These tools will no longer be maintained as of December 31, 2024. Archived website can be found here. PubMed4Hh GitHub repository can be found here. Contact NLM Customer Service if you have questions.


PUBMED FOR HANDHELDS

Search MEDLINE/PubMed


  • Title: Vasodilatory effects of carvedilol and pindolol.
    Author: Sundberg S, Tiihonen K, Gordin A.
    Journal: J Cardiovasc Pharmacol; 1987; 10 Suppl 11():S76-80. PubMed ID: 2454373.
    Abstract:
    The effects of three different nonselective beta-blockers on central and peripheral hemodynamics as well as on pulmonary function were compared in 13 healthy subjects (19-37 years). The subjects were given carvedilol 50 mg, pindolol 10 mg, propranolol 80 mg, and placebo orally twice daily for 1 week in a double-blind, crossover, randomized manner. Heart rate, blood pressure, arterial calf blood flow (venous occlusion strain gauge plethysmography), and pulmonary function (flow-volume spirometry) were measured at the first and at the last trial day.
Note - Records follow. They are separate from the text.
(* For integers $n\geqslant 1$ and $m\geqslant 0$ let $\delta_{n,m}$ be the number of M-partitions $\lambda$ of type $(n,n,m)$ with $\lambda_{=2}=\{\mathbf e_1+\mathbf e_i: i=1,\dots,n\}\subset\mathbb N^n$ (with $\delta_{n,0}=0$). Then $\Phi_n(t)=\sum_{m\geqslant 0}\delta_{n,m}t^m$ satisfies \[ \Phi_1(t)=\sum_{i\geqslant 1}t^i,\qquad \Phi_n(t)=\sum_{i\geqslant 1}t^{\,i+n-2}\Big(\frac{1-t^i}{1-t}\Big)^{n-1}\quad(n\geqslant 2). \]
   Context: Let $\mathbb N=\mathbb Z_{\geqslant 0}$ with the componentwise order and $\mathbf e_i$ the standard basis vectors. $\mathrm P^n_d$ is the set of subsets $\lambda\subset\mathbb N^n$ of size $d$ closed downward. The degree of a point is the sum of its coordinates; $\lambda_{=i}$, $\lambda_{\geqslant i}$ are the elements of degree $i$, resp. $\geqslant i$; $h_\lambda(i)=|\lambda_{=i}|$; $\mathrm{Soc}(\lambda)$ is the set of maximal elements. For positive integers $k,q,m$, an M-partition of type $(k,q,m)$ is $\lambda\in\mathrm P^k_{1+k+q+m}$ with $\mathrm{Soc}(\lambda)\subset\lambda_{\geqslant3}$, $h_\lambda(1)=k$, $h_\lambda(2)=q$, $\sum_{i\geqslant3}h_\lambda(i)=m$. *)

From HB Require Import structures.
From mathcomp Require Import all_boot all_order ssralg ssrint poly finmap.
Set Implicit Arguments. Unset Strict Implicit. Unset Printing Implicit Defensive.
Import GRing.Theory.
Local Open Scope fset_scope.

Notation pt n := {ffun 'I_n -> nat}.

Definition ple n (x y : pt n) : bool := [forall i, x i <= y i].

(* standard basis vector e_{i+1} (0-indexed: e 0 is e_1) *)
Definition ebasis n (i : nat) : pt n := [ffun j : 'I_n => nat_of_bool (val j == i)].

Definition padd n (x y : pt n) : pt n := [ffun j => (x j + y j)%N].

Definition pdeg n (x : pt n) : nat := (\sum_(i < n) x i)%N.

Definition layer_eq n (lam : {fset pt n}) (i : nat) : {fset pt n} :=
  [fset x in lam | pdeg x == i].
Definition layer_ge n (lam : {fset pt n}) (i : nat) : {fset pt n} :=
  [fset x in lam | i <= pdeg x].

Definition hfun n (lam : {fset pt n}) (i : nat) : nat := #|` layer_eq lam i|.

Definition down_closed n (lam : {fset pt n}) : Prop :=
  forall x y : pt n, y \in lam -> ple x y -> x \in lam.

Definition in_P n (d : nat) (lam : {fset pt n}) : Prop :=
  down_closed lam /\ #|` lam| = d.

Definition is_soc n (lam : {fset pt n}) (x : pt n) : Prop :=
  x \in lam /\ forall y, y \in lam -> ple x y -> y = x.

Definition Mpartition (k q m : nat) (lam : {fset pt k}) : Prop :=
  [/\ 0 < k, 0 < q & 0 < m] /\
  [/\ in_P (1 + k + q + m) lam,
      (forall x, is_soc lam x -> x \in layer_ge lam 3),
      hfun lam 1 = k,
      hfun lam 2 = q &
      #|` layer_ge lam 3| = m].

Arguments Mpartition : clear implicits.

Definition delta_set (n m : nat) (lam : {fset pt n}) : Prop :=
  Mpartition n n m lam /\
  (forall x : pt n, x \in layer_eq lam 2 <->
     exists i : 'I_n, x = padd (ebasis n 0) (ebasis n (val i))).
Arguments delta_set : clear implicits.

(* As lambda_{=2} contains no e_i + e_j with i, j >= 2, down-closure forces
   every point of lambda to be a e_1 or a e_1 + e_j: lambda is a comb with
   spine {a e_1 : a <= A} and teeth {a e_1 + e_j : a <= B_j}.  The socle
   condition amounts to 2 <= B_j <= A, and then m = (A - 2) + sum_j (B_j - 1).
   Writing A = i + 1 and B_j = t_j + 2 with t_j < i, this reads
   m = i + n - 2 + sum_j t_j, so the combs with a given A are counted by the
   coefficient of t^m in t^(i+n-2) (1 + ... + t^(i-1))^(n-1). *)

From mathcomp Require Import all_boot ssralg ssrint poly finmap.
From mathcomp Require Import zify.
Set Implicit Arguments. Unset Strict Implicit. Unset Printing Implicit Defensive.
Import GRing.Theory.
Local Open Scope fset_scope.
Local Open Scope nat_scope.

Section Points.

Variable k : nat.
Implicit Types (x y : pt k.+1) (a b : nat) (i j : 'I_k).

(* Coordinate [ord0] is the e_1 direction and [lift ord0 i] is e_(i+2). *)
Definition axis_pt a : pt k.+1 := [ffun j => if j == ord0 then a else 0].

Definition arm_pt a i : pt k.+1 :=
  [ffun j => if j == ord0 then a else nat_of_bool (j == lift ord0 i)].

Lemma axis_pt0 a : axis_pt a ord0 = a. Proof. by rewrite ffunE eqxx. Qed.
Lemma axis_ptS a j : axis_pt a (lift ord0 j) = 0. Proof. by rewrite ffunE. Qed.
Lemma arm_pt0 a i : arm_pt a i ord0 = a. Proof. by rewrite ffunE eqxx. Qed.
Lemma arm_ptS a i j : arm_pt a i (lift ord0 j) = nat_of_bool (j == i).
Proof. by rewrite ffunE /= (inj_eq (@lift_inj _ ord0)). Qed.

Lemma pt_lift_ext x y :
  x ord0 = y ord0 -> (forall j, x (lift ord0 j) = y (lift ord0 j)) -> x = y.
Proof. by move=> e0 eS; apply/ffunP => j; case: (unliftP ord0 j) => [j'|] ->. Qed.

Lemma ple_lift x y :
  ple x y = (x ord0 <= y ord0) && [forall j, x (lift ord0 j) <= y (lift ord0 j)].
Proof.
apply/forallP/andP => [le_xy|[le0 /forallP leS] j]; first by split => //; apply/forallP.
by case: (unliftP ord0 j) => [j'|] ->.
Qed.

Lemma pdeg_lift x : pdeg x = x ord0 + \sum_(j < k) x (lift ord0 j).
Proof. by rewrite /pdeg big_ord_recl. Qed.

Lemma sum_indicator i : \sum_(j < k) nat_of_bool (j == i) = 1.
Proof. by rewrite (bigD1 i) //= eqxx big1 // => j /negPf ->. Qed.

Lemma pdeg_axis_pt a : pdeg (axis_pt a) = a.
Proof. by rewrite pdeg_lift axis_pt0 big1 ?addn0 // => j _; rewrite axis_ptS. Qed.

Lemma pdeg_arm_pt a i : pdeg (arm_pt a i) = a.+1.
Proof.
by rewrite pdeg_lift arm_pt0; under eq_bigr do rewrite arm_ptS; rewrite sum_indicator addn1.
Qed.

Lemma axis_pt_inj : injective axis_pt.
Proof. by move=> a b /(congr1 (fun x => x ord0)); rewrite !axis_pt0. Qed.

Lemma arm_pt_inj a b i j : arm_pt a i = arm_pt b j -> a = b /\ i = j.
Proof.
move=> e; have := congr1 (fun x => x ord0) e; have := congr1 (fun x => x (lift ord0 i)) e.
by rewrite !arm_pt0 !arm_ptS eqxx; case: eqP.
Qed.

Lemma axis_pt_neq_arm_pt a b i : axis_pt a <> arm_pt b i.
Proof. by move/(congr1 (fun x => x (lift ord0 i))); rewrite axis_ptS arm_ptS eqxx. Qed.

Lemma ple_axis_ptl a y : ple (axis_pt a) y = (a <= y ord0).
Proof.
by rewrite ple_lift axis_pt0; case: (a <= _) => //=; apply/forallP => j; rewrite axis_ptS.
Qed.

Lemma ple_arm_ptl a i y : ple (arm_pt a i) y = (a <= y ord0) && (0 < y (lift ord0 i)).
Proof.
rewrite ple_lift arm_pt0; case: (a <= _) => //=.
apply/forallP/idP => [/(_ i)|pos_i j]; first by rewrite arm_ptS eqxx.
by rewrite arm_ptS; case: eqP => [->|].
Qed.

Lemma axis_ptE x : (forall j, x (lift ord0 j) = 0) -> x = axis_pt (x ord0).
Proof. by move=> x0; apply: pt_lift_ext => [|j]; rewrite ?axis_pt0 ?axis_ptS ?x0. Qed.

Lemma arm_ptE x i : x (lift ord0 i) = 1 ->
  (forall j, j != i -> x (lift ord0 j) = 0) -> x = arm_pt (x ord0) i.
Proof.
move=> xi1 x0; apply: pt_lift_ext => [|j]; rewrite ?arm_pt0 ?arm_ptS //.
by case: eqP => [->|/eqP /x0].
Qed.

Lemma ple_axis_ptr x a : ple x (axis_pt a) -> x = axis_pt (x ord0) /\ x ord0 <= a.
Proof.
rewrite ple_lift axis_pt0 => /andP[le0 /forallP leS]; split => //; apply: axis_ptE => j.
by have := leS j; rewrite axis_ptS; case: (x _).
Qed.

Lemma ple_arm_ptr x a i : ple x (arm_pt a i) ->
  x ord0 <= a /\ (x = axis_pt (x ord0) \/ x = arm_pt (x ord0) i).
Proof.
rewrite ple_lift arm_pt0 => /andP[le0 /forallP leS]; split => //.
have x0 j : j != i -> x (lift ord0 j) = 0.
  by move=> /negPf ji; have := leS j; rewrite arm_ptS ji; case: (x _).
have := leS i; rewrite arm_ptS eqxx; case xi: (x (lift ord0 i)) => [|[|//]] _.
  by left; apply: axis_ptE => j; case: (eqVneq j i) => [->|/x0].
by right; apply: arm_ptE.
Qed.

Lemma padd_ebasis_ord0 : padd (ebasis k.+1 0) (ebasis k.+1 (@ord0 k)) = axis_pt 2.
Proof. by apply: pt_lift_ext => [|j]; rewrite !ffunE ?axis_pt0 ?axis_ptS. Qed.

Lemma padd_ebasis_lift j : padd (ebasis k.+1 0) (ebasis k.+1 (lift ord0 j)) = arm_pt 1 j.
Proof. by apply: pt_lift_ext => [|j']; rewrite !ffunE ?arm_pt0 ?arm_ptS. Qed.

Lemma padd_ebasisP x :
  (exists i : 'I_k.+1, x = padd (ebasis k.+1 0) (ebasis k.+1 i)) <->
  x = axis_pt 2 \/ exists j, x = arm_pt 1 j.
Proof.
split=> [[i ->]|[->|[j ->]]].
- case: (unliftP ord0 i) => [j|] ->; last by rewrite padd_ebasis_ord0; left.
  by rewrite padd_ebasis_lift; right; exists j.
- by exists ord0; rewrite padd_ebasis_ord0.
- by exists (lift ord0 j); rewrite padd_ebasis_lift.
Qed.

End Points.

Arguments axis_pt {k}.

Lemma count_iota_eq d N : count (pred1 d) (iota 0 N) = (d < N).
Proof. by rewrite count_uniq_mem ?iota_uniq // mem_iota. Qed.

Lemma count_iota_ge d N : count (leq d) (iota 0 N) = N - d.
Proof.
elim: N => // N IH; rewrite -addn1 iotaD count_cat IH /= add0n addn0.
by case: leqP; lia.
Qed.

Lemma card_fset_sep (T : choiceType) (s : seq T) (P : pred T) : uniq s ->
  #|` [fset x in [fset y in s] | P x]| = count P s.
Proof.
move=> s_uniq; have -> : [fset x in [fset y in s] | P x] = [fset x in filter P s].
  by apply/fsetP => x; rewrite !inE mem_filter andbC.
by rewrite card_fseq undup_id ?size_filter // filter_uniq.
Qed.

Lemma in_layer_eq n (lam : {fset pt n}) d x :
  (x \in layer_eq lam d) = (x \in lam) && (pdeg x == d).
Proof. by rewrite !inE. Qed.

Lemma in_layer_ge n (lam : {fset pt n}) d x :
  (x \in layer_ge lam d) = (x \in lam) && (d <= pdeg x).
Proof. by rewrite !inE. Qed.

Section Comb.

Variable k : nat.
Implicit Types (A a d : nat) (B : 'I_k -> nat) (x y : pt k.+1) (i : 'I_k).

Definition comb_seq A B : seq (pt k.+1) :=
  [seq axis_pt a | a <- iota 0 A.+1] ++
  [seq arm_pt a i | i <- enum 'I_k, a <- iota 0 (B i).+1].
Heart rate and blood pressure were lower on carvedilol and propranolol than on pindolol and placebo; the maximal bradycardiac effect was 13 and 17 beats/min and hypotensive effect 9/10 mm Hg and 10/7 mm Hg on carvedilol and propranolol, respectively. Both carvedilol and pindolol increased arterial flow by about 40% (p less than 0.05 and p less than 0.01, respectively) and reduced peripheral resistance by about 34% (p less than 0.05 and p less than 0.01, respectively), the effect persisting after 1 week of treatment. None of the medications had any noteworthy effects on pulmonary function. Two subjects complained of tremor on pindolol. We conclude that carvedilol and pindolol possess distinct vasodilatory properties. Carvedilol had a stronger hypotensive effect than pindolol and was well tolerated.